**Exercise data**.
(* Let $D$ be a tournament missing disjoint paths of length 2, and let $C=a_1b_1c_1,\dots,a_kb_kc_k$ be a double cycle in $\Delta(D)$. Then there exists $s\in\{1,\dots,k\}$ such that $|N^+_{D[K(C)]}(a_s)|\le|N^{++}_{D[K(C)]}(a_s)|$ or $|N^+_{D[K(C)]}(c_s)|\le|N^{++}_{D[K(C)]}(c_s)|$.
   Context: All digraphs are finite oriented graphs; $D[X]$ is the subdigraph induced by $X$. $N^+_H(v)$ is the out-neighborhood in $H$; $N^{++}_H(v)$ is the set of vertices $w\notin N_H^+(v)\cup\{v\}$ with $u\to w$ in $H$ for some $u\in N_H^+(v)$. A missing edge is a pair of distinct non-adjacent vertices; the missing graph is formed by the missing edges. $D$ is a tournament missing disjoint paths of length 2 if its missing graph is a vertex-disjoint union of paths each with exactly two edges. For missing edges $\{x,y\},\{a,b\}$, $\{x,y\}$ loses to $\{a,b\}$ (written $xy\to ab$) if the endpoints can be labelled so that $x\to a$, $b\notin N^+(x)\cup N^{++}(x)$, $y\to b$, $a\notin N^+(y)\cup N^{++}(y)$ (neighborhoods in $D$). $\Delta(D)$ has the missing edges as vertices and arcs $(e,e')$ whenever $e$ loses to $e'$. For missing paths $abc$, $xyz$ (edges $ab,bc$ and $xy,yz$), $abc\to xyz$ means each of $ab,bc$ loses to each of $xy,yz$. A double cycle is a sequence $C=a_1b_1c_1,\dots,a_kb_kc_k$ ($k\ge2$) of distinct missing paths of length 2 (components of the missing graph) with $a_ib_ic_i\to a_{i+1}b_{i+1}c_{i+1}$ for all $i$, indices modulo $k$. $K(C)=\{a_i,b_i,c_i: 1\le i\le k\}$. *)

From mathcomp Require Import all_boot.
Set Implicit Arguments. Unset Strict Implicit. Unset Printing Implicit Defensive.

Section Defs.
Variables (V : finType) (adj : rel V).
(* adj x y  means the arc x -> y of the digraph D on vertex set V. *)

Definition oriented : Prop :=
  (forall x, ~~ adj x x) /\ (forall x y, adj x y -> ~~ adj y x).

Definition missing (x y : V) : bool := [&& x != y, ~~ adj x y & ~~ adj y x].

(* a-b-c is a whole component of the missing graph which is a path with
   exactly two edges ab, bc. *)
Definition missing_P3 (a b c : V) : Prop :=
  [/\ missing a b, missing b c, a != c, ~~ missing a c &
      forall v, (missing a v -> v = b) /\ (missing c v -> v = b) /\
                (missing b v -> v = a \/ v = c)].

Definition tournament_missing_disjoint_P2 : Prop :=
  oriented /\
  forall x y, missing x y -> exists a b c, missing_P3 a b c /\
     [\/ (x, y) = (a, b), (x, y) = (b, a), (x, y) = (b, c) | (x, y) = (c, b)].

(* Out-neighbourhood and second out-neighbourhood of v in the induced
   subdigraph D[S]. *)
Definition outN (S : {set V}) (v : V) : {set V} := [set w in S | adj v w].
Definition out2N (S : {set V}) (v : V) : {set V} :=
  [set w in S | [&& w \notin outN S v, w != v & [exists u in outN S v, adj u w]]].

(* labelled version of "x y loses to a b" (neighbourhoods in D itself) *)
Definition loses_lab (x y a b : V) : bool :=
  [&& adj x a, b \notin outN setT x :|: out2N setT x, adj y b &
      a \notin outN setT y :|: out2N setT y].

Definition loses (x y a b : V) : bool :=
  [|| loses_lab x y a b, loses_lab y x a b, loses_lab x y b a | loses_lab y x b a].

**What this task involves**.
Copy the lines of the data above exactly as written, beginning with the line containing "Section Defs." and ending with the line containing "Definition missing (x", and leave out all other lines.

**Result for this task**.
Section Defs.
Variables (V : finType) (adj : rel V).
(* adj x y  means the arc x -> y of the digraph D on vertex set V. *)

Definition oriented : Prop :=
  (forall x, ~~ adj x x) /\ (forall x y, adj x y -> ~~ adj y x).

Definition missing (x y : V) : bool := [&& x != y, ~~ adj x y & ~~ adj y x].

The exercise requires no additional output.